The doors of the light lift did not slide open because they simply ceased to exist. I stepped out onto the Third Floor and the first thing that hit me was the absolute and crushing weight of the silence. In the Forge there was the constant screaming of metal and in the Crown Sector there was the hum of surveillance and the choir of alarms but here there was nothing. The air did not even carry the scent of ozone or copper anymore. It smelled like nothing at all because the Third Floor was a vacuum of perfection.

STABILITY: 58.1 PERCENT

LOCATION: THIRD FLOOR GATEWAY

I looked down at my feet and realized I was not standing on marble or steel. I was standing on a floor made of frozen memories. Beneath the transparent surface I could see flickering images of ancient cities and forgotten oceans that had been archived and preserved like insects in amber. Every step I took sent a ripple through the history of the world beneath me.

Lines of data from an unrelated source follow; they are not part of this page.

(* Let $t_1,\dots,t_n$ be indeterminates and let $C$ be the $n\times n$ matrix with $C_{ii}=0$ and $C_{ij}=\frac{1}{t_i-t_j}$ for $i\ne j$. Then $$\det C=\sum_\pi\prod_{i<j,\ \pi(i)=j}\frac{1}{(t_i-t_j)^2},$$ where the sum is over all perfect matchings $\pi$ of $\{1,\dots,n\}$, i.e. fixed-point-free involutions of $\{1,\dots,n\}$ (the empty sum being $0$ when $n$ is odd). *)

From mathcomp Require Import all_boot all_order all_algebra all_fingroup.
Set Implicit Arguments. Unset Strict Implicit. Unset Printing Implicit Defensive.
Import GRing.Theory.
Local Open Scope ring_scope.

Definition Cmat (F : fieldType) (n : nat) (t : 'I_n -> F) : 'M[F]_n :=
  \matrix_(i, j) (if i == j then 0 else (t i - t j)^-1).

Definition perfect_matching (n : nat) (s : 'S_n) : bool :=
  [forall i, (s (s i) == i) && (s i != i)].

From mathcomp Require Import all_boot all_order all_algebra all_fingroup.
From mathcomp Require Import ring.
Set Implicit Arguments. Unset Strict Implicit. Unset Printing Implicit Defensive.
Import GRing.Theory.
Local Open Scope ring_scope.

(* Expand det C = sum_s sgn(s) prod_i C_{i,s(i)} (the Leibniz terms).  Terms
   of permutations with a fixed point vanish since C_ii = 0, and the term of a
   perfect matching s is prod_{i < s i} 1/(t_i - t_{s i})^2, because C is
   skew-symmetric and the sign of an involution is (-1)^(number of 2-cycles).
   It remains to see that all other terms cancel.  This is done one point at
   a time: for every k <= n, det C is the sum of the terms of the permutations
   that are involutive on {0, ..., k-1}.  To pass from k to k+1, let x = k;
   every permutation s with x on a cycle of length >= 3 is uniquely
   s = s' (x y) with s' x = x, i.e. s arises by inserting x into a cycle of s'
   right after y.  For fixed s', the partial fraction identity
     1/((t_y - t_x)(t_x - t_z)) = 1/(t_y - t_z) (1/(t_y - t_x) - 1/(t_z - t_x))
   turns the sum of the terms of all such s into a telescoping sum over the
   admissible insertion sites y, which are permuted by s', so it vanishes. *)

Section InvolutionSign.
Variable n : nat.
Implicit Types (s : 'S_n) (i j : 'I_n).

(* The smaller elements [i < s i] of the 2-cycles of an involution [s]. *)
Definition pairs s := [pred i : 'I_n | (i < s i)%N].

Lemma unpairE s i j : involutive s ->
  (tperm i (s i) * s)%g j = if (j == i) || (j == s i) then j else s j.
Proof.
move=> sK; rewrite permM; case: tpermP => [->|->|/eqP/negPf ji /eqP/negPf jsi].
- by rewrite eqxx sK.
- by rewrite eqxx orbT.
- by rewrite ji jsi.
Qed.

Lemma unpair_involutive s i : involutive s -> involutive (tperm i (s i) * s)%g.
Proof.
move=> sK j; rewrite !unpairE //.
have [/orP[]/eqP->|/norP[/negPf ji /negPf jsi]] := boolP ((j == i) || (j == s i)).
- by rewrite eqxx.
- by rewrite eqxx orbT.
have -> : (s j == i) = (j == s i) by rewrite -{1}(sK i) (inj_eq (@perm_inj _ s)).
by rewrite (inj_eq (@perm_inj _ s)) ji jsi sK.
Qed.

Lemma card_pairs_unpair s i : involutive s -> (i < s i)%N ->
  #|pairs s| = #|pairs (tperm i (s i) * s)%g|.+1.
Proof.
move=> sK lt_i_si; rewrite (cardD1 i) inE lt_i_si add1n; congr _.+1.
apply: eq_card => j; rewrite !inE unpairE //.
have [->|ji] := eqVneq j i; first by rewrite ltnn.
have [->|_] := eqVneq j (s i); last by [].
by rewrite ltnn sK ltnNge ltnW.
Qed.

Lemma odd_perm_involution s : involutive s -> odd_perm s = odd #|pairs s|.
Proof.
move Em: #|pairs s| => m; elim: m s Em => [|m IHm] s Em sK.
  suff -> : s = 1%g by rewrite odd_perm1.
  apply/permP => i; rewrite perm1; apply/eqP/negPn/negP => si_i.
  have [lt|gt|/val_inj eq] := ltngtP i (s i).
  - by have := card0_eq Em i; rewrite inE lt.
  - by have := card0_eq Em (s i); rewrite inE sK gt.
  - by rewrite -eq eqxx in si_i.
have /card_gt0P[i] : (0 < #|pairs s|)%N by rewrite Em.
rewrite inE => lt_i_si.
have := card_pairs_unpair sK lt_i_si; rewrite Em => -[Em'].
have := IHm _ (esym Em') (unpair_involutive i sK).
rewrite odd_permM odd_tperm neq_ltn lt_i_si /= => <-.
by rewrite negbK.
Qed.

End InvolutionSign.

Section PointInsertion.
Variable n : nat.
Implicit Types (s : 'S_n) (i u v : 'I_n).

Definition involutive_below (k : nat) s :=
  [forall i : 'I_n, (i < k)%N ==> (s (s i) == i)].

Lemma involutive_belowP k s :
  reflect (forall i : 'I_n, (i < k)%N -> s (s i) = i) (involutive_below k s).
Proof.
apply: (iffP forallP) => [sK i lt_ik | sK i]; first exact/eqP/(implyP (sK i)).
by apply/implyP => /sK ->.
Qed.

(* The places [v] where a point [x] fixed by [s] may be inserted (as
   s (x v)) so that the result stays involutive below [x]: [v] is not fixed
   and neither [v] nor [s v] lies below [x]. *)
Lemma perfect_matching_involutive s : perfect_matching s -> involutive_below n s.
Proof.
move/forallP=> pm; apply/involutive_belowP => i _.
by case/andP: (pm i) => /eqP.
Qed.

Definition insertion_site (x : 'I_n) s v := [&& s v != v, (x <= v)%N & (x <= s v)%N].

(* [s] permutes its own insertion sites; this makes the sum over them
   telescope. *)
Lemma insertion_site_perm x s v : s x = x -> involutive_below x s ->
  insertion_site x s (s v) = insertion_site x s v.
Proof.
move=> sx /involutive_belowP sK; rewrite /insertion_site (inj_eq (@perm_inj _ s)).
have [_|_] //= := eqVneq (s v) v.
apply/andP/andP => -[le_x_u le_x_su]; split=> //.
- (* [v < x] would make [s (s v) = v] smaller than [x] *)
  rewrite leqNgt; apply/negP => lt_vx.
  by rewrite (sK v lt_vx) leqNgt lt_vx in le_x_su.
rewrite leqNgt; apply/negP => lt_ssv_x.
have /perm_inj /perm_inj ssvv := sK _ lt_ssv_x.
by rewrite ssvv ltnNge le_x_u in lt_ssv_x.
Qed.

Section InsertPoint.
Variables (x y : 'I_n) (s' : 'S_n).
Hypothesis s'x : s' x = x.
Let s := (tperm x y * s')%g.

Lemma fixed_eq u : (s' u == x) = (u == x).
Proof. by rewrite -{1}s'x (inj_eq (@perm_inj _ s')). Qed.

Lemma insert_x : s x = s' y. Proof. by rewrite permM tpermL. Qed.
Lemma insert_y : s y = x. Proof. by rewrite permM tpermR. Qed.
Lemma insert_other u : u != x -> u != y -> s u = s' u.
Proof. by move=> ux uy; rewrite permM tpermD // eq_sym. Qed.

Lemma insert_twice i : i != x -> i != y -> s' i != y -> s (s i) = s' (s' i).
Proof.
by move=> ix iy s'iy; rewrite !insert_other // fixed_eq.
Qed.

Lemma insert_cond_fwd : involutive_below x s -> s (s x) != x ->
  involutive_below x s' && insertion_site x s' y.
Proof.
move=> /involutive_belowP sK ssx.
have s'y_y : s' y != y by apply: contra ssx => /eqP s'yy; rewrite insert_x s'yy insert_y.
have yx : y != x by apply: contra s'y_y => /eqP ->; rewrite s'x.
have zx : s' y != x by rewrite fixed_eq.
have le_xy : (x <= y)%N.
  rewrite leqNgt; apply/negP => /sK; rewrite insert_y insert_x => /eqP.
  exact/negP.
have le_xz : (x <= s' y)%N.
  rewrite leqNgt; apply/negP => /sK; rewrite (insert_other zx s'y_y).
  have [->|wy] := eqVneq (s' (s' y)) y.
    by rewrite insert_y => /eqP; rewrite eq_sym (negPf zx).
  by rewrite insert_other ?fixed_eq // => /perm_inj /eqP; rewrite (negPf wy).
rewrite /insertion_site s'y_y le_xy le_xz /= andbT.
apply/involutive_belowP => i lt_ix.
have ix : i != x by rewrite neq_ltn lt_ix.
have iy : i != y by rewrite neq_ltn (leq_trans lt_ix le_xy).
have s'iy : s' i != y.
  apply/eqP => s'i; have := sK i lt_ix.
  by rewrite (insert_other ix iy) s'i insert_y => /eqP; rewrite eq_sym (negPf ix).
by rewrite -insert_twice // sK.
Qed.

Lemma insert_cond_bwd : involutive_below x s' -> insertion_site x s' y ->
  involutive_below x s && (s (s x) != x).
Proof.
move=> /involutive_belowP s'K /and3P[s'y_y le_xy le_xz].
have yx : y != x by apply: contra s'y_y => /eqP ->; rewrite s'x.
have zx : s' y != x by rewrite fixed_eq.
rewrite insert_x insert_other // fixed_eq zx andbT.
apply/involutive_belowP => i lt_ix.
have ix : i != x by rewrite neq_ltn lt_ix.
have iy : i != y by rewrite neq_ltn (leq_trans lt_ix le_xy).
have s'iy : s' i != y.
  by apply/eqP => s'i; move: le_xz; rewrite -s'i s'K // leqNgt lt_ix.
by rewrite insert_twice // s'K.
Qed.

Lemma insert_condE :
  involutive_below x s && (s (s x) != x) =
  involutive_below x s' && insertion_site x s' y.
Proof.
by apply/idP/idP => [/andP[]|/andP[]]; [exact: insert_cond_fwd | exact: insert_cond_bwd].
Qed.

End InsertPoint.
End PointInsertion.

(* Every permutation s is uniquely s' (x y) with s' x = x (namely
   y = s^-1 x); reindex a sum over permutations accordingly. *)
Lemma sum_by_insertion (R : nmodType) n (x : 'I_n) (P : pred 'S_n) (G : 'S_n -> R) :
  \sum_(s | P s) G s =
  \sum_(s' : 'S_n | s' x == x) \sum_(y | P (tperm x y * s')%g) G (tperm x y * s')%g.
Proof.
have preim (s : 'S_n) : \sum_(y | s y == x) G s = G s.
  rewrite (big_pred1 (s^-1 x)%g) // => y /=.
  by rewrite -{1}(permKV s x) (inj_eq (@perm_inj _ s)).
rewrite -(eq_bigr _ (fun s _ => preim s)) (exchange_big_dep xpredT) //=.
rewrite (eq_bigr (fun y => \sum_(s' | P (tperm x y * s')%g && ((tperm x y * s')%g y == x))
   G (tperm x y * s')%g)); last by move=> y _; apply: (reindex_inj (mulgI (tperm x y))).
rewrite (exchange_big_dep (fun s' : 'S_n => s' x == x)) => [|y s' _]; last first.
  by rewrite permM tpermR => /andP[].
apply: eq_bigr => s' /eqP s'x; apply: eq_bigl => y.
by rewrite permM tpermR s'x eqxx andbT.
Qed.

Lemma partial_fraction (F : fieldType) (a b c : F) : a != b -> a != c -> b != c ->
  (b - a)^-1 * (a - c)^-1 = (b - c)^-1 * ((b - a)^-1 - (c - a)^-1).
Proof.
move=> ab ac bc.
have ba : b - a != 0 by rewrite subr_eq0 eq_sym.
have ac' : a - c != 0 by rewrite subr_eq0.
have bc' : b - c != 0 by rewrite subr_eq0.
have ca : c - a != 0 by rewrite subr_eq0 eq_sym.
by field; rewrite ba ac' bc' ca.
Qed.

Section LeibnizTerms.
Variables (F : fieldType) (n : nat) (t : 'I_n -> F).
Hypothesis t_inj : injective t.
Implicit Types (s : 'S_n) (i j x y : 'I_n).

Lemma CmatE i j : Cmat t i j = if i == j then 0 else (t i - t j)^-1.
Proof. by rewrite mxE. Qed.

Lemma Cmat_neq i j : i != j -> Cmat t i j = (t i - t j)^-1.
Proof. by rewrite CmatE => /negPf ->. Qed.

Lemma Cmat_skew i j : Cmat t j i = - Cmat t i j.
Proof.
rewrite !CmatE eq_sym; case: eqP => _; first by rewrite oppr0.
by rewrite -invrN opprB.
Qed.

Lemma Cmat_three_term x y z : y != x -> z != x -> z != y ->
  Cmat t y x * Cmat t x z = Cmat t y z * (Cmat t y x - Cmat t z x).
Proof.
move=> yx zx zy; rewrite !Cmat_neq // 1?eq_sym //.
by apply: partial_fraction; rewrite (inj_eq t_inj) // eq_sym.
Qed.

Definition leibniz_term s := (-1) ^+ s * \prod_i Cmat t i (s i).

Definition leibniz_minor x s := (-1) ^+ s * \prod_(i | i != x) Cmat t i (s i).

Lemma leibniz_insert x y s' : s' x = x -> s' y != y ->
  leibniz_term (tperm x y * s')%g =
  - leibniz_minor x s' * (Cmat t y x - Cmat t (s' y) x).
Proof.
move=> s'x s'y_y.
have yx : y != x by apply: contra s'y_y => /eqP ->; rewrite s'x.
have zx : s' y != x by rewrite -{1}s'x (inj_eq (@perm_inj _ s')).
rewrite /leibniz_term /leibniz_minor odd_permM odd_tperm eq_sym yx signr_addb expr1.
rewrite (bigD1 x) //= (bigD1 y) //= [in RHS](bigD1 y) //=.
rewrite !permM tpermL tpermR s'x.
rewrite (eq_bigr (fun i => Cmat t i (s' i))); last first.
  by move=> i /andP[ix iy]; rewrite permM tpermD // eq_sym.
rewrite mulN1r mulrA [Cmat t x _ * _]mulrC Cmat_three_term //.
by rewrite !mulNr !mulrA -[_ * _ * _ * (_ - _)]mulrA [_ * (_ - _)]mulrC !mulrA.
Qed.

Lemma insertion_telescope x s' : s' x = x -> involutive_below x s' ->
  \sum_(y | insertion_site x s' y) (Cmat t y x - Cmat t (s' y) x) = 0.
Proof.
move=> s'x s'K; rewrite sumrB (reindex_inj (@perm_inj _ s')) /=.
by rewrite (eq_bigl _ _ (fun y => insertion_site_perm y s'x s'K)) subrr.
Qed.

Lemma long_cycle_sum x :
  \sum_(s | involutive_below x s && (s (s x) != x)) leibniz_term s = 0.
Proof.
rewrite (sum_by_insertion x); apply: big1 => s' /eqP s'x.
have [s'K|s'NK] := boolP (involutive_below x s'); last first.
  by apply: big_pred0 => y; rewrite insert_condE // (negPf s'NK).
rewrite (eq_bigl _ _ (fun y => insert_condE y s'x)) s'K /=.
rewrite (eq_bigr (fun y => - leibniz_minor x s' * (Cmat t y x - Cmat t (s' y) x))).
  by rewrite -big_distrr /= insertion_telescope // mulr0.
by move=> y /and3P[s'y_y _ _]; apply: leibniz_insert.
Qed.

Lemma det_involutive_below k : (k <= n)%N ->
  \det (Cmat t) = \sum_(s | involutive_below k s) leibniz_term s.
Proof.
elim: k => [_|k IHk lt_kn].
  by apply: eq_bigl => s; apply/esym/involutive_belowP => i; rewrite ltn0.
pose x := Ordinal lt_kn.
rewrite IHk 1?ltnW // (bigID (fun s => s (s x) == x)) /= (long_cycle_sum x) addr0.
apply: eq_bigl => s.
apply/andP/involutive_belowP => [[/involutive_belowP sK /eqP sKk] i|sK].
  rewrite ltnS leq_eqVlt => /orP[/eqP ik|/sK //].
  by have -> : i = x by apply: val_inj.
split; last exact/eqP/sK.
by apply/involutive_belowP => i /ltnW /sK.
Qed.

Lemma leibniz_fixed_point s i : s i = i -> leibniz_term s = 0.
Proof. by move=> si; rewrite /leibniz_term (bigD1 i) //= CmatE si eqxx mul0r mulr0. Qed.

Lemma leibniz_matching s : perfect_matching s ->
  leibniz_term s = \prod_(i : 'I_n | (i < s i)%N) ((t i - t (s i)) ^+ 2)^-1.
Proof.
move/forallP => pm.
have sK : involutive s by move=> i; case/andP: (pm i) => /eqP.
have sfree i : s i != i by case/andP: (pm i).
rewrite /leibniz_term (bigID (fun i : 'I_n => (i < s i)%N)) /=.
rewrite [X in _ * (_ * X)](reindex_inj (@perm_inj _ s)) /=.
rewrite [X in _ * (_ * X)](eq_big (fun j : 'I_n => (j < s j)%N) (fun j => - Cmat t j (s j))).
- rewrite prodrN (odd_perm_involution sK) signr_odd mulrCA signrMK -big_split /=.
  by apply: eq_bigr => i _; rewrite Cmat_neq 1?eq_sym ?sfree // -expr2 exprVn.
- by move=> j; rewrite sK -leqNgt leq_eqVlt eq_sym (negPf (sfree j : s j != j :> nat)).
- by move=> j _; rewrite sK Cmat_skew.
Qed.

End LeibnizTerms.

Theorem mainTheorem19 (F : fieldType) (n : nat) (t : 'I_n -> F)
  (t_inj : injective t) :
  \det (Cmat t) =
  \sum_(s : 'S_n | perfect_matching s)
     \prod_(i : 'I_n | (i < s i)%N) ((t i - t (s i)) ^+ 2)^-1.
Proof.
rewrite (det_involutive_below t_inj (leqnn n)) (bigID (@perfect_matching n)) /=.
rewrite [X in _ + X]big1 ?addr0 => [|s /andP[/involutive_belowP sK]]; last first.
  case/forallPn => i; rewrite negb_and negbK sK // eqxx => /eqP.
  exact: leibniz_fixed_point.
apply: eq_big => [s|s /andP[_ pm]]; last exact: leibniz_matching.
exact/andb_idl/perfect_matching_involutive.
Qed.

I was a barbarian walking on the ghosts of a billion lives and my heavy gilded ribs felt like an insult to the delicate beauty of the place.

"Welcome home 9045," a voice said. It did not come from a speaker or a drone because it resonated directly inside my neural lattice. It was the Analyst. Her voice was no longer the distant and cold authority I had heard in the Forge. It sounded tired. It sounded like a mother who had watched her child burn down the house and was now sitting in the ashes. "Or should I call you Izou? You have spent so much effort carving that name into the walls of my city that it seems a waste to ignore it."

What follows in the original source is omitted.